During the appeal, Federal Counsel presented those tragic events for the judges to consider.
One of the Judgments took those events as a second plank for "reasonableness" of the Home Minister's decision: "Therefore I am of the view that the 1st appellant indeed have (sic) a reasonable basis for exercising his subjective satisfaction of his discretionary power to impose the impugned condition [prohibition on use of 'Allah'.]" (Justice Abdul Aziz, paragraph 40)
Note: The first plank was: "since 1986 the 1st appellant when issuing the 1986 direction prohibiting the usage of four (4) words including kalimah "Allah" in any Christian publication had already assessed the potential harm to public order and safety it would cause if the usage had not been restricted." The Judgment cites no evidence to support this plank.
The Home Minister issued his prohibition on the Catholics-only newspaper in January 2009.
Considering we've even had a Home Minister who approved of cow-head wielding Muslims protesting against a Hindu temple, I'm surprised the court did not ask what facts prompted the Home Minister to issue the prohibition to a non-Muslim publication.
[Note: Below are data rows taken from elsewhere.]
(* Let $\alpha: I\to M$ be a unit-speed curve on an oriented surface $M\subset E^3$ with Darboux frame $\{T,V,U\}$ and geodesic torsion $\tau_g$. Let $\phi$ be an antiderivative of $\tau_g$ on $I$ and let $$\gamma(s)=\alpha(s)+\sin(\phi(s))\,V(s)+\cos(\phi(s))\,U(s),$$ and assume $\gamma$ is regular, i.e. $\gamma'(s)\neq 0$ for all $s$. Then $\gamma$ is a general helix if and only if $\alpha$ is a helical curve on $M$.
   Context: $M$ is an oriented surface in Euclidean 3-space $E^3$ and $\alpha:I\to M$ is a unit-speed curve with arc-length parameter $s$. Its Darboux frame $\{T,V,U\}$ consists of the unit tangent $T=\alpha'$, the unit surface normal $U$ of $M$ along $\alpha$, and $V=U\times T$; it satisfies $T'=k_gV+k_nU$, $V'=-k_gT+\tau_gU$, $U'=-k_nT-\tau_gV$, where $k_g,k_n,\tau_g$ are the geodesic curvature, normal curvature and geodesic torsion. A regular curve is a general helix if its unit tangent makes a constant angle with a fixed direction. $\alpha$ is a helical curve on $M$ if $\langle T,d\rangle$ is constant for some fixed unit vector $d$. *)

From Stdlib Require Import Reals.
From Coquelicot Require Import Coquelicot.
Open Scope R_scope.

Record vec3 := mkv { vx : R; vy : R; vz : R }.

Definition vadd (u v : vec3) : vec3 := mkv (vx u + vx v) (vy u + vy v) (vz u + vz v).
Definition vscal (a : R) (v : vec3) : vec3 := mkv (a * vx v) (a * vy v) (a * vz v).
Definition vzero : vec3 := mkv 0 0 0.
Definition vdot (u v : vec3) : R := vx u * vx v + vy u * vy v + vz u * vz v.
Definition vnorm (v : vec3) : R := sqrt (vdot v v).
Definition vcross (u v : vec3) : vec3 :=
  mkv (vy u * vz v - vz u * vy v)
      (vz u * vx v - vx u * vz v)
      (vx u * vy v - vy u * vx v).

Definition is_vderive (f : R -> vec3) (s : R) (v : vec3) : Prop :=
  is_derive (fun t => vx (f t)) s (vx v) /\
  is_derive (fun t => vy (f t)) s (vy v) /\
  is_derive (fun t => vz (f t)) s (vz v).

(* The derivative of f at s (meaningful when f is differentiable at s). *)
Definition vderiv (f : R -> vec3) (s : R) : vec3 :=
  mkv (Derive (fun t => vx (f t)) s) (Derive (fun t => vy (f t)) s)
      (Derive (fun t => vz (f t)) s).

Definition in_interval (a b : Rbar) (s : R) : Prop := Rbar_lt a s /\ Rbar_lt s b.

Definition regular_on (a b : Rbar) (g : R -> vec3) : Prop :=
  forall s, in_interval a b s -> exists v, is_vderive g s v /\ v <> vzero.

Definition unit_tangent (g : R -> vec3) (s : R) : vec3 :=
  vscal (/ vnorm (vderiv g s)) (vderiv g s).

Definition general_helix (a b : Rbar) (g : R -> vec3) : Prop :=
  exists d : vec3, vnorm d = 1 /\ exists c : R,
    forall s, in_interval a b s -> vdot (unit_tangent g s) d = c.

Definition helical_curve (a b : Rbar) (T : R -> vec3) : Prop :=
  exists d : vec3, vnorm d = 1 /\ exists c : R,
    forall s, in_interval a b s -> vdot (T s) d = c.

Definition darboux_frame (a b : Rbar) (alpha T V U : R -> vec3)
    (kg kn taug : R -> R) : Prop :=
  forall s, in_interval a b s ->
    is_vderive alpha s (T s) /\
    vnorm (T s) = 1 /\ vnorm (U s) = 1 /\ vdot (T s) (U s) = 0 /\
    V s = vcross (U s) (T s) /\
    is_vderive T s (vadd (vscal (kg s) (V s)) (vscal (kn s) (U s))) /\
    is_vderive V s (vadd (vscal (- kg s) (T s)) (vscal (taug s) (U s))) /\
    is_vderive U s (vadd (vscal (- kn s) (T s)) (vscal (- taug s) (V s))).

From Stdlib Require Import Reals Lra Classical.
From Coquelicot Require Import Coquelicot.
Open Scope R_scope.

(* Since phi' = taug, differentiating gamma = alpha + sin(phi) V + cos(phi) U, the
   taug-terms cancel and gamma' = f T with f = 1 - kg sin(phi) - kn cos(phi).
   Regularity makes f nonvanishing, so by continuity and the intermediate value
   theorem f has constant sign e on I. The unit tangent of gamma is then e T, and
   <e T, d> is constant exactly when <T, d> is. *)

Lemma vec3_eq (u v : vec3) :
  vx u = vx v -> vy u = vy v -> vz u = vz v -> u = v.
Proof. destruct u, v; simpl; now intros -> -> ->. Qed.

Lemma vscal_vscal (k l : R) (v : vec3) : vscal k (vscal l v) = vscal (k * l) v.
Proof. apply vec3_eq; simpl; ring. Qed.

Lemma vscal_1 (v : vec3) : vscal 1 v = v.
Proof. apply vec3_eq; simpl; ring. Qed.

Lemma vdot_scal_l (k : R) (u v : vec3) : vdot (vscal k u) v = k * vdot u v.
Proof. unfold vdot; simpl; ring. Qed.

Lemma vnorm_scal (k : R) (v : vec3) : vnorm (vscal k v) = Rabs k * vnorm v.
Proof.
  unfold vnorm.
  replace (vdot (vscal k v) (vscal k v)) with (Rsqr k * vdot v v)
    by (unfold vdot, Rsqr; simpl; ring).
  rewrite sqrt_mult_alt by apply Rle_0_sqr.
  now rewrite sqrt_Rsqr_abs.
Qed.

Lemma sign_eq_div_Rabs (x : R) : sign x = x / Rabs x.
Proof.
  destruct (Rtotal_order x 0) as [Hx | [-> | Hx]].
  - rewrite sign_eq_m1, Rabs_left by lra. field; lra.
  - rewrite sign_0; unfold Rdiv; ring.
  - rewrite sign_eq_1, Rabs_right by lra. field; lra.
Qed.

Lemma is_vderive_eq (f : R -> vec3) (s : R) (u v : vec3) :
  is_vderive f s u -> u = v -> is_vderive f s v.
Proof. now intros Hf <-. Qed.

Lemma is_vderive_add (f g : R -> vec3) (s : R) (u v : vec3) :
  is_vderive f s u -> is_vderive g s v ->
  is_vderive (fun t => vadd (f t) (g t)) s (vadd u v).
Proof.
  intros (fx & fy & fz) (gx & gy & gz).
  split; [|split];
    [ apply (is_derive_plus (fun t => vx (f t)) (fun t => vx (g t)))
    | apply (is_derive_plus (fun t => vy (f t)) (fun t => vy (g t)))
    | apply (is_derive_plus (fun t => vz (f t)) (fun t => vz (g t))) ]; assumption.
Qed.

Lemma is_vderive_scal (k : R -> R) (f : R -> vec3) (s k' : R) (v : vec3) :
  is_derive k s k' -> is_vderive f s v ->
  is_vderive (fun t => vscal (k t) (f t)) s (vadd (vscal k' (f s)) (vscal (k s) v)).
Proof.
  intros Hk (fx & fy & fz).
  split; [|split];
    [ apply (is_derive_mult k (fun t => vx (f t)))
    | apply (is_derive_mult k (fun t => vy (f t)))
    | apply (is_derive_mult k (fun t => vz (f t))) ]; auto using Rmult_comm.
Qed.

Lemma vderiv_is_vderive (f : R -> vec3) (s : R) (v : vec3) :
  is_vderive f s v -> vderiv f s = v.
Proof.
  intros (fx & fy & fz).
  apply vec3_eq; simpl; now apply is_derive_unique.
Qed.

(* No hypothesis [k <> 0]: for [k = 0] both sides are the zero vector. *)
Lemma unit_tangent_scal (g : R -> vec3) (s k : R) (v : vec3) :
  is_vderive g s (vscal k v) -> vnorm v = 1 ->
  unit_tangent g s = vscal (sign k) v.
Proof.
  intros Hg Hv.
  unfold unit_tangent.
  rewrite (vderiv_is_vderive _ _ _ Hg), vnorm_scal, Hv, Rmult_1_r, vscal_vscal.
  now rewrite sign_eq_div_Rabs, Rmult_comm.
Qed.

Lemma in_interval_between (a b : Rbar) (s1 s2 x : R) :
  in_interval a b s1 -> in_interval a b s2 -> s1 <= x <= s2 -> in_interval a b x.
Proof.
  intros [H1 _] [_ H2] [Hx1 Hx2]. split.
  - now apply (Rbar_lt_le_trans _ s1).
  - now apply (Rbar_le_lt_trans _ s2).
Qed.

Lemma sign_cases (x : R) : x <> 0 -> (x < 0 /\ sign x = -1) \/ (0 < x /\ sign x = 1).
Proof.
  intros Hx. destruct (Rtotal_order x 0) as [H | [H | H]].
  - left. split; [exact H | now apply sign_eq_m1].
  - contradiction.
  - right. split; [exact H | now apply sign_eq_1].
Qed.

Lemma sign_const_segment (g : R -> R) (s1 s2 : R) :
  s1 <= s2 -> (forall x, s1 <= x <= s2 -> continuity_pt g x /\ g x <> 0) ->
  sign (g s1) = sign (g s2).
Proof.
  intros Hle Hg.
  destruct (Rle_lt_or_eq_dec _ _ Hle) as [Hlt | <-]; [|reflexivity].
  assert (Hzero : forall h : R -> R, (forall x, s1 <= x <= s2 -> continuity_pt h x) ->
            h s1 < 0 -> 0 < h s2 -> exists x, s1 <= x <= s2 /\ h x = 0).
  { intros h Hh H1 H2.
    destruct (Ranalysis5.IVT_interv h s1 s2 Hh Hlt H1 H2) as (x & Hx & Hhx).
    now exists x. }
  assert (G1 : g s1 <> 0) by (apply Hg; lra).
  assert (G2 : g s2 <> 0) by (apply Hg; lra).
  destruct (sign_cases _ G1) as [[A1 ->] | [A1 ->]];
  destruct (sign_cases _ G2) as [[A2 ->] | [A2 ->]]; try reflexivity; exfalso.
  - destruct (Hzero g) as (x & Hx & Hgx); try lra.
    + intros x Hx. apply Hg, Hx.
    + exact (proj2 (Hg x Hx) Hgx).
  - destruct (Hzero (fun t => - g t)) as (x & Hx & Hgx); try lra.
    + intros x Hx. apply continuity_pt_opp, Hg, Hx.
    + apply (proj2 (Hg x Hx)). lra.
Qed.

Lemma sign_const_on_interval (a b : Rbar) (g : R -> R) :
  (forall s, in_interval a b s -> continuity_pt g s /\ g s <> 0) ->
  forall s1 s2, in_interval a b s1 -> in_interval a b s2 -> sign (g s1) = sign (g s2).
Proof.
  intros Hg.
  assert (Hle : forall s1 s2, s1 <= s2 -> in_interval a b s1 -> in_interval a b s2 ->
            sign (g s1) = sign (g s2)).
  { intros s1 s2 Hle H1 H2. apply sign_const_segment; [exact Hle|].
    intros x Hx. apply Hg, (in_interval_between a b s1 s2); assumption. }
  intros s1 s2 H1 H2. destruct (Rle_or_lt s1 s2).
  - now apply Hle.
  - symmetry. apply Hle; [lra | assumption | assumption].
Qed.

Lemma is_vderive_nonzero_scal (g : R -> vec3) (s k : R) (w : vec3) :
  (exists v, is_vderive g s v /\ v <> vzero) -> is_vderive g s (vscal k w) -> k <> 0.
Proof.
  intros (v & Hv & Hv0) Hk ->. apply Hv0.
  rewrite <- (vderiv_is_vderive _ _ _ Hv), (vderiv_is_vderive _ _ _ Hk).
  apply vec3_eq; simpl; ring.
Qed.

Lemma helical_curve_scal_const (a b : Rbar) (W T : R -> vec3) (e : R -> R) :
  (forall s1 s2, in_interval a b s1 -> in_interval a b s2 -> e s1 = e s2) ->
  (forall s, in_interval a b s -> W s = vscal (e s) (T s)) ->
  helical_curve a b T -> helical_curve a b W.
Proof.
  intros He HW (d & Hd & c & Hc). exists d. split; [exact Hd|].
  destruct (classic (exists s0, in_interval a b s0)) as [[s0 Hs0] | Hempty].
  - exists (e s0 * c). intros s Hs.
    now rewrite HW, vdot_scal_l, Hc, (He s s0).
  - exists 0. intros s Hs. exfalso. now apply Hempty; exists s.
Qed.

Lemma helical_curve_rescale (a b : Rbar) (W T : R -> vec3) (e : R -> R) :
  (forall s, in_interval a b s -> e s <> 0) ->
  (forall s1 s2, in_interval a b s1 -> in_interval a b s2 -> e s1 = e s2) ->
  (forall s, in_interval a b s -> W s = vscal (e s) (T s)) ->
  helical_curve a b W <-> helical_curve a b T.
Proof.
  intros He0 He HW. split.
  - apply (helical_curve_scal_const a b T W (fun s => / e s)).
    + intros s1 s2 H1 H2. now rewrite (He s1 s2).
    + intros s Hs. now rewrite HW, vscal_vscal, Rinv_l, vscal_1 by auto.
  - now apply helical_curve_scal_const with e.
Qed.

Definition darboux_offset (alpha V U : R -> vec3) (phi : R -> R) (s : R) : vec3 :=
  vadd (alpha s) (vadd (vscal (sin (phi s)) (V s)) (vscal (cos (phi s)) (U s))).

Definition offset_speed (kg kn phi : R -> R) (s : R) : R :=
  1 - kg s * sin (phi s) - kn s * cos (phi s).

Lemma darboux_offset_derive (a b : Rbar) (alpha T V U : R -> vec3)
    (kg kn taug phi : R -> R) (s : R) :
  darboux_frame a b alpha T V U kg kn taug -> in_interval a b s ->
  is_derive phi s (taug s) ->
  is_vderive (darboux_offset alpha V U phi) s (vscal (offset_speed kg kn phi s) (T s)).
Proof.
  intros HD Hs Hphi.
  destruct (HD s Hs) as (Halpha & _ & _ & _ & _ & _ & HV & HU).
  eapply is_vderive_eq.
  - apply is_vderive_add; [exact Halpha|].
    apply is_vderive_add; apply is_vderive_scal; try eassumption.
    + exact (is_derive_comp sin phi s _ _ (is_derive_sin _) Hphi).
    + exact (is_derive_comp cos phi s _ _ (is_derive_cos _) Hphi).
  - unfold offset_speed. apply vec3_eq; simpl; unfold scal; simpl; unfold mult; simpl; ring.
Qed.

Lemma offset_speed_continuous (kg kn phi : R -> R) (s : R) :
  continuous kg s -> continuous kn s -> ex_derive phi s ->
  continuity_pt (offset_speed kg kn phi) s.
Proof.
  intros Hkg Hkn Hphi. apply continuity_pt_filterlim.
  assert (Hphi_c : continuous phi s)
    by exact (ex_derive_continuous (K := R_AbsRing) (V := R_NormedModule) phi s Hphi).
  apply (continuous_minus (fun t => 1 - kg t * sin (phi t)) (fun t => kn t * cos (phi t))).
  - apply (continuous_minus (fun _ => 1) (fun t => kg t * sin (phi t))).
    + apply continuous_const.
    + apply (continuous_mult kg (fun t => sin (phi t))); auto using continuous_sin_comp.
  - apply (continuous_mult kn (fun t => cos (phi t))); auto using continuous_cos_comp.
Qed.

Theorem theorem3p3 (a b : Rbar) (alpha T V U : R -> vec3) (kg kn taug phi : R -> R) :
  darboux_frame a b alpha T V U kg kn taug ->
  (forall s, in_interval a b s -> continuous kg s /\ continuous kn s /\ continuous taug s) ->
  (forall s, in_interval a b s -> is_derive phi s (taug s)) ->
  regular_on a b (fun s => vadd (alpha s)
                     (vadd (vscal (sin (phi s)) (V s)) (vscal (cos (phi s)) (U s)))) ->
  (general_helix a b (fun s => vadd (alpha s)
                     (vadd (vscal (sin (phi s)) (V s)) (vscal (cos (phi s)) (U s))))
   <-> helical_curve a b T).
Proof.
  intros HD HC HP Hreg.
  fold (darboux_offset alpha V U phi) in Hreg |- *.
  set (f := offset_speed kg kn phi).
  assert (Hder : forall s, in_interval a b s ->
            is_vderive (darboux_offset alpha V U phi) s (vscal (f s) (T s)))
    by (intros s Hs; exact (darboux_offset_derive _ _ _ _ _ _ _ _ _ _ _ HD Hs (HP s Hs))).
  assert (Hf : forall s, in_interval a b s -> continuity_pt f s /\ f s <> 0).
  { intros s Hs. destruct (HC s Hs) as (Hkg & Hkn & _). split.
    - apply offset_speed_continuous; [assumption | assumption | exists (taug s); auto].
    - exact (is_vderive_nonzero_scal _ _ _ _ (Hreg s Hs) (Hder s Hs)). }
  (* [general_helix a b g] unfolds to [helical_curve a b (unit_tangent g)]. *)
  apply (helical_curve_rescale a b _ T (fun s => sign (f s))).
  - intros s Hs. apply sign_neq_0, Hf, Hs.
  - apply sign_const_on_interval, Hf.
  - intros s Hs. apply unit_tangent_scal; [apply Hder, Hs | apply (HD s Hs)].
Qed.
The Judgments don't mention any investigations, intelligence or surveys prior to January 2009. After January 2009, the only "facts" are those related to the infringements on church properties and mosques in 2010, mentioned in my first paragraph.
Here's why I'm not surprised by the absence of facts to support the 2009 prohibitions.
In 1980 Terengganu legislated a "Control and Restriction of the Propagation of Non Islamic Religions Enactment." An Umno-BN state assembly passed the enactment.
According to reports, Terengganu prohibited non-Muslims from printing 25 words (including "Allah") and 10 phrases.
Later 9 other states passed enactments with the same title: Kelantan in 1981; Malacca, Kedah, Selangor, Perak in 1988; Pahang in 1989; Johor, Negeri Sembilan in 1991; Perlis in 2002.
Other states did not adopt Terengganu's list. The reasons for inclusion/exclusion of words were vague.